What the exercise asks — Each line in the records below, from the one that contains "Lemma measurable_root_eq n" to the one that contains "have step_measurable g", should be reproduced exactly, the first and last included.

Dataset excerpts —
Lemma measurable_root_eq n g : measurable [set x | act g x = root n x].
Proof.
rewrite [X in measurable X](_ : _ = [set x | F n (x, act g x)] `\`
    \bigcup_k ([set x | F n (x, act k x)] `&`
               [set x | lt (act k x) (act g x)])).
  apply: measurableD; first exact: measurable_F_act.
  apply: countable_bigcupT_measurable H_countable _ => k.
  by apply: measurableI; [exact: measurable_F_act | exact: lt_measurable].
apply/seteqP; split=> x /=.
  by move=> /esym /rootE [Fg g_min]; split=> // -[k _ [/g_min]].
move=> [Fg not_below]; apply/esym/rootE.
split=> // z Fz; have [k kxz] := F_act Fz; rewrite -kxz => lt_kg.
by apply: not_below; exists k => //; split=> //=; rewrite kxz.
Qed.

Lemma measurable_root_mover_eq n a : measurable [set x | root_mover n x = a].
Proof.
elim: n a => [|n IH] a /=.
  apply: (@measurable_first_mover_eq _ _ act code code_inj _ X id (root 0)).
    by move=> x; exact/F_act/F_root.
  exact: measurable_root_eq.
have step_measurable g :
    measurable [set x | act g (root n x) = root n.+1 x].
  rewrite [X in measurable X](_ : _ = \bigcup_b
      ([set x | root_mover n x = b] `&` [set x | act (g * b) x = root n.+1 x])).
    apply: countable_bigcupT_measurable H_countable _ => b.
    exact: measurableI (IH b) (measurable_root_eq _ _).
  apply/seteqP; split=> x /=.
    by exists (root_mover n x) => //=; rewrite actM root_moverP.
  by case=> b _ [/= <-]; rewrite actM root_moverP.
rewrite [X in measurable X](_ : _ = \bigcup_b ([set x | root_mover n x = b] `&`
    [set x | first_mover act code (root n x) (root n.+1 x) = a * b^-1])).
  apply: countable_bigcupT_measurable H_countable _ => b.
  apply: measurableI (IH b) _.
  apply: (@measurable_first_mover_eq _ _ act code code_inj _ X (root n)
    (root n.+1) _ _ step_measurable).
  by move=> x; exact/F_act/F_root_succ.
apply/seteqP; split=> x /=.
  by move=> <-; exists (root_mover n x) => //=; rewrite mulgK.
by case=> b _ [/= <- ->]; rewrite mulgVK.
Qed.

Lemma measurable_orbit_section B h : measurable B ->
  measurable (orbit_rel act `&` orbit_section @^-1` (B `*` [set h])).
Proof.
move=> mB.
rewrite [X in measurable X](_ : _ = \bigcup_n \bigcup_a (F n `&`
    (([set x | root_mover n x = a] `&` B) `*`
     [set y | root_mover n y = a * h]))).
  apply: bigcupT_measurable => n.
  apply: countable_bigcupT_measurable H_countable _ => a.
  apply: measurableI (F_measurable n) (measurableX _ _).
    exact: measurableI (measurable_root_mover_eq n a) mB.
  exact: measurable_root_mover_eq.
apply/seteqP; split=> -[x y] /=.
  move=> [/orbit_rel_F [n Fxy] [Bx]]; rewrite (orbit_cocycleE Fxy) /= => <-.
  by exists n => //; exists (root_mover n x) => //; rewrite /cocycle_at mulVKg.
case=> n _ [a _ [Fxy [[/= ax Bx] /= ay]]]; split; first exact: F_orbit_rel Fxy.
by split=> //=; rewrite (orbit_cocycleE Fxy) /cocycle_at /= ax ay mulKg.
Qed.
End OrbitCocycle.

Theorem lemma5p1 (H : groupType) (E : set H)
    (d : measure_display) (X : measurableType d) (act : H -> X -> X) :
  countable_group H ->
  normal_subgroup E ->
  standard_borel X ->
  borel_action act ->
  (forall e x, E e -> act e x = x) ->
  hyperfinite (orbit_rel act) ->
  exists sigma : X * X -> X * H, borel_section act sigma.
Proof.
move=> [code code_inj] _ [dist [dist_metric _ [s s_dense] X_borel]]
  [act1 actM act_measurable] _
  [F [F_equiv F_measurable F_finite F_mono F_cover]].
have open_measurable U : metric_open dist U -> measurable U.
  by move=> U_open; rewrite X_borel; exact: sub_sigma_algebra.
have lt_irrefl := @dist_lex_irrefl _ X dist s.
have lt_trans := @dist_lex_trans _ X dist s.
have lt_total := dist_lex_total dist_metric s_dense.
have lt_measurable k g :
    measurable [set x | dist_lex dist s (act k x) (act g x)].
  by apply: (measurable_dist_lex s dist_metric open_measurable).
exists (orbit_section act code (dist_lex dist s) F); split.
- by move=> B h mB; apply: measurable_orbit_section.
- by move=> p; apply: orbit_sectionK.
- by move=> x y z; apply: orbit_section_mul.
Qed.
...
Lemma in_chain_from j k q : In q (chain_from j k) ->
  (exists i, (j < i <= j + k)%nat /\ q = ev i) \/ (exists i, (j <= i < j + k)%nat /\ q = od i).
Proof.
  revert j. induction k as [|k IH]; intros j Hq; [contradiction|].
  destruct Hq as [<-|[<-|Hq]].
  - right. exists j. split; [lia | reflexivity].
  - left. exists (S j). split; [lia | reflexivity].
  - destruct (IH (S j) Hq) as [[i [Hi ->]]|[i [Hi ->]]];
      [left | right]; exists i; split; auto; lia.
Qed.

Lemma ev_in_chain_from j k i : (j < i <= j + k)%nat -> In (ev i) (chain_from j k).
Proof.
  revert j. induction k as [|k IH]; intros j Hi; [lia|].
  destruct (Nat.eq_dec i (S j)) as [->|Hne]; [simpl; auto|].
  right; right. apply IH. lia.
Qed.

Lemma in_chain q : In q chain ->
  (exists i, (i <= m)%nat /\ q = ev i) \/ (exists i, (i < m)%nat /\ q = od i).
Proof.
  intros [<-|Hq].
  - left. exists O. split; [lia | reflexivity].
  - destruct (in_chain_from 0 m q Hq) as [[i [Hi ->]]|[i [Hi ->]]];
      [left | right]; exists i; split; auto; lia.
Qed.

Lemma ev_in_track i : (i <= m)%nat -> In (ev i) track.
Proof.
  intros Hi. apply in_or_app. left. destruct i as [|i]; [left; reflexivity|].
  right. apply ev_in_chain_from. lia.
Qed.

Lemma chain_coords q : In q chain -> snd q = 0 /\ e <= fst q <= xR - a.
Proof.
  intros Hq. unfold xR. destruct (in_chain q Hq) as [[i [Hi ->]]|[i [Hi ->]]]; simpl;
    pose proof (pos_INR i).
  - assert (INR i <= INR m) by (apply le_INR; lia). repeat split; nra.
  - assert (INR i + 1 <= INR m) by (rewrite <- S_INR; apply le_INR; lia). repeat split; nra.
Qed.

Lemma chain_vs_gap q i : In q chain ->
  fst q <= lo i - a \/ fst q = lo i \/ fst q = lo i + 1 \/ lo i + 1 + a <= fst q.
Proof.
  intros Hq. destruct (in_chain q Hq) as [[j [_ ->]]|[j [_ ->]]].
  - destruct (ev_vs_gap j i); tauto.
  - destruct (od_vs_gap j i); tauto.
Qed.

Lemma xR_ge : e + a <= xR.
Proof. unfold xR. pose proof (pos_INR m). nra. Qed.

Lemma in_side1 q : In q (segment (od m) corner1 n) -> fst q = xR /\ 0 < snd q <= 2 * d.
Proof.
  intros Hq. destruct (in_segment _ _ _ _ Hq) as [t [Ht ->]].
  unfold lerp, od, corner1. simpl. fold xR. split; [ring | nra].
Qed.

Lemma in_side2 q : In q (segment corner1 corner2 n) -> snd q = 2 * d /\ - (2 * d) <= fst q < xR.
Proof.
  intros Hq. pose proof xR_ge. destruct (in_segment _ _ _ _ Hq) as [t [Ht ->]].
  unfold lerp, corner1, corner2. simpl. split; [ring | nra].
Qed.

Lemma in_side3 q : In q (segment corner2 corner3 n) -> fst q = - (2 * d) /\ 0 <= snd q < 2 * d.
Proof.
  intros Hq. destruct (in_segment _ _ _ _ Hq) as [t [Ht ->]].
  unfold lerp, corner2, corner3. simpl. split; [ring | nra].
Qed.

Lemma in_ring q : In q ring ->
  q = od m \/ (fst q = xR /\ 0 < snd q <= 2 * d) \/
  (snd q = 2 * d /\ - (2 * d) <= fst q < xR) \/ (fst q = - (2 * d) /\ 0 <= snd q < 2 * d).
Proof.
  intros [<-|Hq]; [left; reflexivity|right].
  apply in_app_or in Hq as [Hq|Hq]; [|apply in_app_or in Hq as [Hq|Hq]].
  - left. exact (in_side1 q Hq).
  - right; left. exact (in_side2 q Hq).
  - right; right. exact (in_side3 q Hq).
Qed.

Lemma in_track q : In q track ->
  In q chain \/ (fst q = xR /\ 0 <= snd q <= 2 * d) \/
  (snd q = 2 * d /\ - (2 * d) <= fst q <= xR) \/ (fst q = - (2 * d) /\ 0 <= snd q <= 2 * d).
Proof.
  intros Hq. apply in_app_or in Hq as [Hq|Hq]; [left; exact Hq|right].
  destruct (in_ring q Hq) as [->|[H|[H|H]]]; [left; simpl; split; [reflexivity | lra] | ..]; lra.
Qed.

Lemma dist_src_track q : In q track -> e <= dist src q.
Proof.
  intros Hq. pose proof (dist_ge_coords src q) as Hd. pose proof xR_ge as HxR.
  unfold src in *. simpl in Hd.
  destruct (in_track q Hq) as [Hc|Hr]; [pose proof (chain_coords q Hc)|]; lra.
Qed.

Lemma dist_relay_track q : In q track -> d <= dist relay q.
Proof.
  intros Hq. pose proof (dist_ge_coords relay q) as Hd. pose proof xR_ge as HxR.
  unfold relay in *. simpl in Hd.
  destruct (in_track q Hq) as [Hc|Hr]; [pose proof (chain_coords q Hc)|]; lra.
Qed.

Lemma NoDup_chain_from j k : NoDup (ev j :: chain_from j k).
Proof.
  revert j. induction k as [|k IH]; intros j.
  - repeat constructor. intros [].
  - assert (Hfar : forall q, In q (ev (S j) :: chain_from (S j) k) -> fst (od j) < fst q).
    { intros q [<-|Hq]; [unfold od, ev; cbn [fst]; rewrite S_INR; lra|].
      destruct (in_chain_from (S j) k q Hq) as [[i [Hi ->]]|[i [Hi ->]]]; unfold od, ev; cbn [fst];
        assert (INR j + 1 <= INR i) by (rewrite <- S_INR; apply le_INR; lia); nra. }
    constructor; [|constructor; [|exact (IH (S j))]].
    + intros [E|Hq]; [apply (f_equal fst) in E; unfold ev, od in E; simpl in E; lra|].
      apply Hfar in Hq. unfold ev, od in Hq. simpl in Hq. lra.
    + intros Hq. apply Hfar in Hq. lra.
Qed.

Exercise result —
Lemma measurable_root_eq n g : measurable [set x | act g x = root n x].
Proof.
rewrite [X in measurable X](_ : _ = [set x | F n (x, act g x)] `\`
    \bigcup_k ([set x | F n (x, act k x)] `&`
               [set x | lt (act k x) (act g x)])).
  apply: measurableD; first exact: measurable_F_act.
  apply: countable_bigcupT_measurable H_countable _ => k.
  by apply: measurableI; [exact: measurable_F_act | exact: lt_measurable].
apply/seteqP; split=> x /=.
  by move=> /esym /rootE [Fg g_min]; split=> // -[k _ [/g_min]].
move=> [Fg not_below]; apply/esym/rootE.
split=> // z Fz; have [k kxz] := F_act Fz; rewrite -kxz => lt_kg.
by apply: not_below; exists k => //; split=> //=; rewrite kxz.
Qed.

Lemma measurable_root_mover_eq n a : measurable [set x | root_mover n x = a].
Proof.
elim: n a => [|n IH] a /=.
  apply: (@measurable_first_mover_eq _ _ act code code_inj _ X id (root 0)).
    by move=> x; exact/F_act/F_root.
  exact: measurable_root_eq.
have step_measurable g :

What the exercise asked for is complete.